In the wake of the bank rate-rigging scandal, Bob Diamond, Barclays chief executive, announced his resignation from the post with immediate effect, on Tuesday.

In a statement, Diamond, who faced mounting calls to step down, said he made the decision as the external pressure on the bank has reached a level that risks "damaging the franchise".

Barclays Bank was fined a record $450m last week, for attempting to manipulate the London interbank offered rate, Libor, during the financial crisis between 2005 and 2009. Libor is a measure of how much banks have to pay to borrow from their rival and is worked out every day from estimates submitted by the major banks of their own interbank lending costs.

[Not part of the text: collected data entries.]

(* Let $X_1,X_2,\dots$ be iid random variables with a light right tail, $S_k=X_1+\dots+X_k$, and let $Y$ be independent of $(X_k)$ and satisfy condition $(\mathrm{P})$ with constant $a>0$. In case (ii) of the light-tail definition (i.e. $X_1\le A$ a.s. and $P(X_1>\alpha)>0$) assume additionally $a\le\alpha$. Then for every $k\ge1$, $$\lim_{u\to\infty}\frac{P(Y+S_k>u)}{P(Y+S_{k+1}>u)}=0.$$
   Context: A random variable $X$ has a light right tail if either (i) $P(X>u)>0$ for all $u>0$ and $\lim_{u\to\infty}P(X_1>u)/P(X_1+X_2>u)=0$, where $X_1,X_2$ are independent copies of $X$; or (ii) there are constants $A>0,\alpha>0$ with $X\le A$ a.s. and $P(X>\alpha)>0$. A random variable $Y$ satisfies condition $(\mathrm{P})$ with constant $a>0$ if $P(Y>u)>0$ for all $u>0$ and $\lim_{u\to\infty}P(Y>u+a)/P(Y>u)=0$. *)

From HB Require Import structures.
From mathcomp Require Import all_boot all_order all_algebra.
From mathcomp Require Import all_classical all_reals all_analysis.
Set Implicit Arguments. Unset Strict Implicit. Unset Printing Implicit Defensive.
Import Order.TTheory GRing.Theory Num.Theory.
Import numFieldNormedType.Exports.
Local Open Scope classical_set_scope.
Local Open Scope ring_scope.

Definition prob d (T : measurableType d) (R : realType) (P : probability T R)
  (A : set T) : R := fine (P A).

Definition mutually_independent d (T : measurableType d) (R : realType)
  (P : probability T R) (I : eqType) (Z : I -> T -> R) : Prop :=
  forall (J : seq I) (B : I -> set R),
    uniq J -> (forall j, measurable (B j)) ->
    prob P (\bigcap_(j in [set` J]) (Z j @^-1` B j)) =
    \prod_(j <- J) prob P (Z j @^-1` B j).

Definition law d (T : measurableType d) (R : realType) (P : probability T R)
  (X : {RV P >-> R}) := distribution P X.
Arguments law {d T R} P X.

(* P(X1 + X2 > u) for X1, X2 independent copies of X, computed on the product
   of the law of X with itself. *)
Definition tail_sum2 d (T : measurableType d) (R : realType)
  (P : probability T R) (X : {RV P >-> R}) (u : R) : R :=
  fine ((law P X \x law P X) [set xy : R * R | u < xy.1 + xy.2]).
Arguments tail_sum2 {d T R} P X u.

Definition light_tail_i d (T : measurableType d) (R : realType)
  (P : probability T R) (X : {RV P >-> R}) : Prop :=
  (forall u : R, 0 < u -> 0 < prob P [set t | u < X t]) /\
  (prob P [set t | u < X t] / tail_sum2 P X u) @[u --> +oo] --> 0.

Definition light_tail_ii d (T : measurableType d) (R : realType)
  (P : probability T R) (X : T -> R) (A alpha : R) : Prop :=
  0 < A /\ 0 < alpha /\
  P.-negligible [set t | A < X t] /\ 0 < prob P [set t | alpha < X t].

Definition condP d (T : measurableType d) (R : realType)
  (P : probability T R) (Y : T -> R) (a : R) : Prop :=
  0 < a /\
  (forall u : R, 0 < u -> 0 < prob P [set t | u < Y t]) /\
  (prob P [set t | u + a < Y t] / prob P [set t | u < Y t]) @[u --> +oo] --> 0.

Definition join_family (T R : Type) (Y : T -> R) (X : nat -> T -> R)
  : option nat -> T -> R :=
  fun o => match o with None => Y | Some i => X i end.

The question is; how widespread is this malignancy? How widespread is this financial deception?
edit on 5-7-2012 by chemistry because: extra info

posted on Jul, 5 2012 @ 09:37 AM
reply to post by chemistry

By definition, it has to be widespread. In order to manipulate markets you either need a controlling a stake of the market (like Glencore in the minerals sector) or you need agreement with the other major players. Barclays is one of the worlds bigger banks but it by no means has market control - this means that collusion had to have happened on a massive scale.

The shame is that the ordinary joe's that work on the counters of banks all over the world will be tarred with the same brush as the tiny amount of people actually involved at each financial house. For example, Barclays claim only 14 staff were involved at their end - not the tens of thousands that work for Barclays.

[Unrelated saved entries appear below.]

Lemma mul_R_weight_proj k c : R k *m weight_proj c = chi c k *: weight_proj c.
Proof.
rewrite /weight_proj -scalemxAr scalerA mulrC -scalerA; congr (_ *: _).
rewrite mulmx_sumr scaler_sumr [RHS](reindex_inj (addrI k)) /=; apply: eq_bigr => l _.
by rewrite -scalemxAr -RD scalerA -chiDr opprD addNKr.
Qed.

Lemma weight_proj_idem c : weight_proj c *m weight_proj c = weight_proj c.
Proof.
rewrite {1}/weight_proj -scalemxAl mulmx_suml.
rewrite (eq_bigr (fun=> weight_proj c)) => [|k _]; last first.
  by rewrite -scalemxAl mul_R_weight_proj scalerA chiNr scale1r.
by rewrite sumr_const card_Z3x3 -(scaler_nat 27 (weight_proj c)) scalerA mulVf ?scale1r.
Qed.

Lemma sum_weight_proj : \sum_c weight_proj c = 1%:M.
Proof.
rewrite /weight_proj -scaler_sumr exchange_big /=.
under eq_bigr => k _ do rewrite -scaler_suml sum_chi oppr_eq0.
rewrite (bigD1 (0 : Z3x3)) //= big1 => [|k /negbTE ->]; last by rewrite scale0r.
by rewrite R0 addr0 scalerA mulVf ?scale1r.
Qed.

Lemma R_weight_decomp k : R k = \sum_c chi c k *: weight_proj c.
Proof.
rewrite -[R k]mulmx1 -sum_weight_proj mulmx_sumr.
by apply: eq_bigr => c _; rewrite mul_R_weight_proj.
Qed.

Lemma card_weights : (#|weights| <= n)%N.
Proof.
have -> : n = (\sum_c \rank (weight_proj c))%N.
  apply/eqP; rewrite -(eqr_nat CC) -mxtrace1 -sum_weight_proj raddf_sum natr_sum /=.
  by apply/eqP/eq_bigr => c _; rewrite mxtrace_idem ?weight_proj_idem.
rewrite -sum1_card big_mkcond /=; apply: leq_sum => c _.
by rewrite inE; case: ifP => // nz; rewrite lt0n mxrank_eq0.
Qed.

Lemma nonzero_weight k : R k != 1%:M -> exists2 c : Z3x3, c != 0 & c \in weights.
Proof.
move=> Rk_neq1.
case: (pickP [pred c | (c != 0) && (c \in weights)]) => [c /andP [] | no_wt]; first by exists c.
have P0 c : c != 0 -> weight_proj c = 0.
  by move=> c_neq0; move: (no_wt c); rewrite /= c_neq0 inE => /negbFE/eqP.
have Rk : R k = weight_proj 0.
  rewrite R_weight_decomp (bigD1 (0 : Z3x3)) //= big1 ?addr0 => [|c /P0 ->].
    by rewrite chi0l scale1r.
  by rewrite scaler0.
move: Rk_neq1; rewrite Rk -sum_weight_proj (bigD1 (0 : Z3x3)) //= big1 ?addr0 ?eqxx // => c /P0.
Qed.

Lemma weight_proj_intertwine (M : 'M[CC]_n) (sg ta : Z3x3 -> Z3x3) :
    involutive sg -> (forall c k, dot c (sg k) = dot (ta c) k) ->
    (forall k, R k *m M = M *m R (sg k)) ->
  forall c, weight_proj c *m M = M *m weight_proj (ta c).
Proof.
move=> sgK dot_sg RM c; rewrite /weight_proj -scalemxAl -scalemxAr; congr (_ *: _).
rewrite mulmx_suml mulmx_sumr (reindex_inj (can_inj sgK)) /=; apply: eq_bigr => k _.
by rewrite -scalemxAl RM sgK -scalemxAr /chi dotNr dot_sg -dotNr.
Qed.

Lemma weights_closed (M : 'M[CC]_n) (sg ta : Z3x3 -> Z3x3) :
    M \in unitmx -> involutive sg -> (forall c k, dot c (sg k) = dot (ta c) k) ->
    (forall k, R k *m M = M *m R (sg k)) ->
  forall c, c \in weights -> ta c \in weights.
Proof.
move=> Munit sgK dot_sg RM c; rewrite !inE; apply: contraNneq => Pta0.
rewrite -[weight_proj c](mulmxK Munit) (weight_proj_intertwine sgK dot_sg RM).
by rewrite Pta0 mulmx0 mul0mx.
Qed.

Lemma weights_closedN : (forall k, map_mx conjc (R k) = R k) ->
  forall c, c \in weights -> - c \in weights.
Proof.
move=> R_real c; rewrite !inE; apply: contraNneq => PN0.
rewrite -(map_mx_eq0 (@conjc RR)) -PN0; apply/eqP/matrixP => i j.
rewrite !mxE rmorphM fmorphV rmorph_nat !summxE rmorph_sum; congr (_ * _).
apply: eq_bigr => k _; rewrite !mxE rmorphM /= chi_conj; congr (_ * _).
by move/matrixP: (R_real k) => /(_ i j); rewrite mxE.
Qed.

End WeightSpaces.

(** * The group Z_{3,0}^4 x| S_4 *)

Definition Z30_act := actby_groupAction perm4_acts_Z30.

Definition inZ30 (x : 'rV['Z_3]_4) : Z30_rtimes_S4 := sdpair1 Z30_act x.

Definition inS4 (s : {perm 'I_4}) : Z30_rtimes_S4 := sdpair2 Z30_act s.

Lemma in_G5p3 (g : Z30_rtimes_S4) : g \in G5p3.
Proof. by rewrite inE. Qed.

Lemma Z30_actE x s : x \in Z30 -> Z30_act x s = x *m perm4_mx s.
Proof.
move=> Z30x; rewrite /Z30_act /= actbyE //.
by change (mx_repr_act perm4_repr x s = x *m perm4_mx s); rewrite mx_repr_actE.
Qed.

posted on Jul, 5 2012 @ 10:49 AM
reply to post by Flavian

Good comment. Thanks for sharing.

posted on Jul, 15 2012 @ 12:27 PM
This comes from the BBC today:

Senior managers at Barclays have warned staff in an internal memo that the Libor scandal will envelop other banks.

The memo circulated on Friday said that revelations about its rivals would "put in perspective" Barclays' culpability.

Meanwhile Barclays' former chief operating officer Jerry del Missier will answer MPs' questions on Monday.

I always knew that Barclays was only the tip of the iceberg. Criminals the lot of 'em!